Test – Hell Let Loose : plongée au cœur de la Seconde Guerre mondiale

Avec Hell Let Loose, Team17 vient marcher sur les plates-bandes des mastodontes que sont Battlefield et Call of Duty. Et pourtant, le titre indépendant vise un public bien différent de celui des deux superproductions…

Qui aurait cru que le petit projet qu’était Hell Let Loose bénéficierait du coup de projecteur qu’est le sien actuellement, avec notamment l’offre du PS Plus ? En effet, le titre, développé par le studio Black Matter, était, au départ, considéré comme le petit poucet, financé en grande partie en 2017 par une campagne Kickstarter. 220.000 $ avaient ainsi pu être récupérés pour son développement, avant qu’il ne débarque en accès anticipé deux ans plus tard sur Steam… le 6 juin.

Petit à petit, le titre s’est mis à jour, gagnant de nouvelles cartes, des nouvelles fonctionnalités et corrigeant certains bugs. Initialement prévu sur Xbox One, PS4 et PC, Hell Let Loose a vu sa sortie postposée sur consoles next-gen. 

Clairement, Hell Let Loose ne s’adresse pas au même public que les Battlefield et autres Call of Duty. Là où ceux-ci privilégient l’action et le sensationnel, Hell Let Loose se veut bien plus fidèle aux batailles de la Seconde Guerre Mondiale. Au lieu d’être un FPS d’action, la production de Black Matter est plutôt une simulation, promettant au joueur la retranscription parfaite de la guerre. C’est bien simple, une fois que nous avons pénétré une partie et que nous sommes sur le champ de bataille, nous n’avons plus l’impression d’être dans un jeu, mais bien dans la réalité. D’un point de vue retranscription de la réalité, on ne fait pas mieux. La moindre balle qui vous touche peut par exemple mener à votre mort, et les soins sont primordiaux pour éviter que l’hémorragie n’empire. Une fois notre chargeur vide, notre soldat ne va pas automatiquement recharger l’arme. C’est à vous qu’il convient de recharger lorsqu’il le faut votre équipement, au risque de vous retrouver dans une situation délicate lors de laquelle manquer de munition peut s’avérer fatal.

Plongé sur le champ de bataille, nous entrons directement dans le vif du sujet. Dans des combats à 50 contre 50, le titre nous met soit dans la peau des Allemands pour l’Axe, soit dans la peau des Russes ou des Américains pour les Alliés. Deux modes de jeu sont actuellement proposés, ce qui, il faut bien l’admettre, est un peu peu en l’état. Warfare requiert qu’une des deux équipes contrôle la totalité ou une majorité des secteurs avant la fin du temps imparti. En Offensive, une équipe contrôle et doit défendre tous les secteurs de la carte face à une équipe qui a pour but de les prendre en un temps limité. Des modes de jeu qui ne sont pas révolutionnaires ni inédits, mais qui ont l’avantage de faire le boulot, et de le faire plutôt bien. On aurait d’ailleurs aimé que le titre propose d’autres modes de jeu comme un mode mission par exemple, qui auraient quelque peu justifié le prix de 40 € demandé pour le titre. Car on ne va pas vous le cacher, ce type de jeu est généralement proposé sous une forme free-to-play.

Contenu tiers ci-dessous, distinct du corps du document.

(** clockwise distance d(p,q) in [0,1) (clockwise = increasing direction). *)
Definition cwd (p q : R) : R := frac (q - p).

(** v < w < u < v in the cyclic order: w lies strictly inside the clockwise
    open arc from v to u. *)
Definition cyc_between (v w u : R) : Prop := 0 < cwd v w < cwd v u.

Definition circ_dist (p q : R) : R := Rmin (cwd p q) (cwd q p).

Definition digraph_on_circle (V : R -> Prop) (E : R -> R -> Prop) : Prop :=
  (forall x, V x -> 0 <= x < 1) /\
  (forall x y, E x y -> V x /\ V y) /\
  (forall x, ~ E x x) /\
  (forall x y, E x y -> ~ E y x).

Definition is_cyclic_graph (V : R -> Prop) (E : R -> R -> Prop) : Prop :=
  digraph_on_circle V E /\
  forall v u, E v u -> forall w, V w -> cyc_between v w u -> E v w /\ E w u.

Fixpoint sumR (f : nat -> R) (m : nat) : R :=
  match m with O => 0 | S m' => sumR f m' + f m' end.

(** cyclic homomorphism C_n^k -> G[W] (W a finite set of vertices given as a
    list): phi maps 0..n-1 into W, every edge i -> i+s mod n (1<=s<=k) to an
    edge of G, and phi(0) <= phi(1) <= ... <= phi(n-1) <= phi(0) winds once
    around the circle clockwise (total clockwise winding exactly 1). *)
Definition cyclic_hom (V : R -> Prop) (E : R -> R -> Prop) (W : list R)
    (n k : nat) (phi : nat -> R) : Prop :=
  (forall i, (i < n)%nat -> In (phi i) W) /\
  (forall i s, (i < n)%nat -> (1 <= s <= k)%nat ->
      E (phi i) (phi ((i + s) mod n)%nat)) /\
  sumR (fun i => cwd (phi i) (phi ((i + 1) mod n)%nat)) n = 1.

Definition wf_values (V : R -> Prop) (E : R -> R -> Prop) (W : list R)
    (r : R) : Prop :=
  exists n k phi, (1 <= k)%nat /\ (2 * k < n)%nat /\
    cyclic_hom V E W n k phi /\ r = INR k / INR n.

Definition wf_finite_is (V : R -> Prop) (E : R -> R -> Prop) (W : list R)
    (x : R) : Prop :=
  is_lub (fun r => r = 0 \/ wf_values V E W r) x.

Definition wf_is (V : R -> Prop) (E : R -> R -> Prop) (x : R) : Prop :=
  is_lub (fun y => exists W : list R, (forall w, In w W -> V w) /\
                                      wf_finite_is V E W y) x.

(** supremum (the least upper bound whenever it exists) *)
Definition lub (A : R -> Prop) : R :=
  epsilon (inhabits 0) (fun x => is_lub A x).

(** walks v_0 = v0, v_{i+1} in N^+[G, v_i] of length m *)
Definition closed_nbhd_walk (E : R -> R -> Prop) (m : nat) (v0 : R)
    (w : nat -> R) : Prop :=
  w O = v0 /\ forall i, (i < m)%nat -> w (S i) = w i \/ E (w i) (w (S i)).

Definition gamma (E : R -> R -> Prop) (m : nat) (v0 : R) : R :=
  match m with
  | O => 0
  | S _ => lub (fun s => exists w, closed_nbhd_walk E m v0 w /\
                          s = sumR (fun i => cwd (w i) (w (S i))) m)
  end.

Definition fm (E : R -> R -> Prop) (m : nat) (v : R) : R :=
  frac (v + gamma E m v).

(** V closed in S^1 : its preimage under the quotient map R -> R/Z is closed *)
Definition closed_graph (V : R -> Prop) : Prop :=
  closed_set (fun x => V (frac x)).

Definition continuous_graph (V : R -> Prop) (E : R -> R -> Prop) : Prop :=
  forall (m : nat) (v : R), V v ->
    forall eps, 0 < eps -> exists delta, 0 < delta /\
      forall w, V w -> circ_dist v w < delta ->
        Rabs (gamma E m w - gamma E m v) < eps.

From Pilot Require Import Defs.
From Stdlib Require Import Reals Lra Lia Classical ClassicalEpsilon Rtopology.
Open Scope R_scope.

(* In a cyclic graph a walk from x can be transferred to any vertex
   y = x + d ahead of x at a loss of at most d: a first step jumping over y can
   be rerouted through y. Since after i steps an (i+j)-walk from v sits on a
   vertex at most gamma_i(v) behind f_i(v), this gives
   gamma_{i+j}(v) <= gamma_i(v) + gamma_j(f_i(v)). Conversely, concatenating
   near-optimal walks gives the reverse inequality, once continuity of gamma_j
   lets us replace the endpoint of a near-optimal i-walk by f_i(v). The
   endpoints of those walks are vertices accumulating at f_i(v), so closedness
   of V gives f_i(v) in V, and (iii) follows from (ii). The value of the
   winding fraction plays no role. *)

Lemma frac_unique x k : IZR k <= x < IZR k + 1 -> frac x = x - IZR k.
Proof.
  intros Hk. unfold frac. rewrite <- (Int_part_spec x k) by lra. reflexivity.
Qed.

Lemma frac_range x : 0 <= frac x < 1.
Proof. unfold frac. destruct (base_Int_part x). lra. Qed.

Lemma frac_id x : 0 <= x < 1 -> frac x = x.
Proof. intros Hx. rewrite (frac_unique x 0); simpl; lra. Qed.

Lemma frac_add_IZR x k : frac (x + IZR k) = frac x.
Proof.
  destruct (base_Int_part x).
  rewrite (frac_unique (x + IZR k) (Int_part x + k)); rewrite ?plus_IZR.
  - unfold frac. ring.
  - lra.
Qed.

Lemma frac_addl a b : frac (frac a + b) = frac (a + b).
Proof.
  replace (frac a + b) with ((a + b) + IZR (- Int_part a))
    by (unfold frac; rewrite opp_IZR; ring).
  apply frac_add_IZR.
Qed.

Lemma frac_subr a b : frac (a - frac b) = frac (a - b).
Proof.
  replace (a - frac b) with ((a - b) + IZR (Int_part b)) by (unfold frac; ring).
  apply frac_add_IZR.
Qed.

C’est d’ailleurs ce qu’on pourrait parfois regretter en jouant au titre. Le contenu n’est pas énorme compte tenu du prix. Outre les deux modes de jeu, le titre vous propose actuellement de ne contrôler que trois nations. D’autres vont débarquer à l’avenir, comme les Japonais, les Britanniques et les Canadiens, mais pour le lancement, c’est assez léger. 9 cartes, prenant part en Russie, Belgique ou encore en Allemagne sont actuellement proposées, alors que d’autres sont, là aussi, annoncées par les développeurs. Hell Let Loose paraît ainsi incomplet, avec beaucoup de promesses de la part des équipes de Black Matter qui, on l’espère, seront vite tenues. 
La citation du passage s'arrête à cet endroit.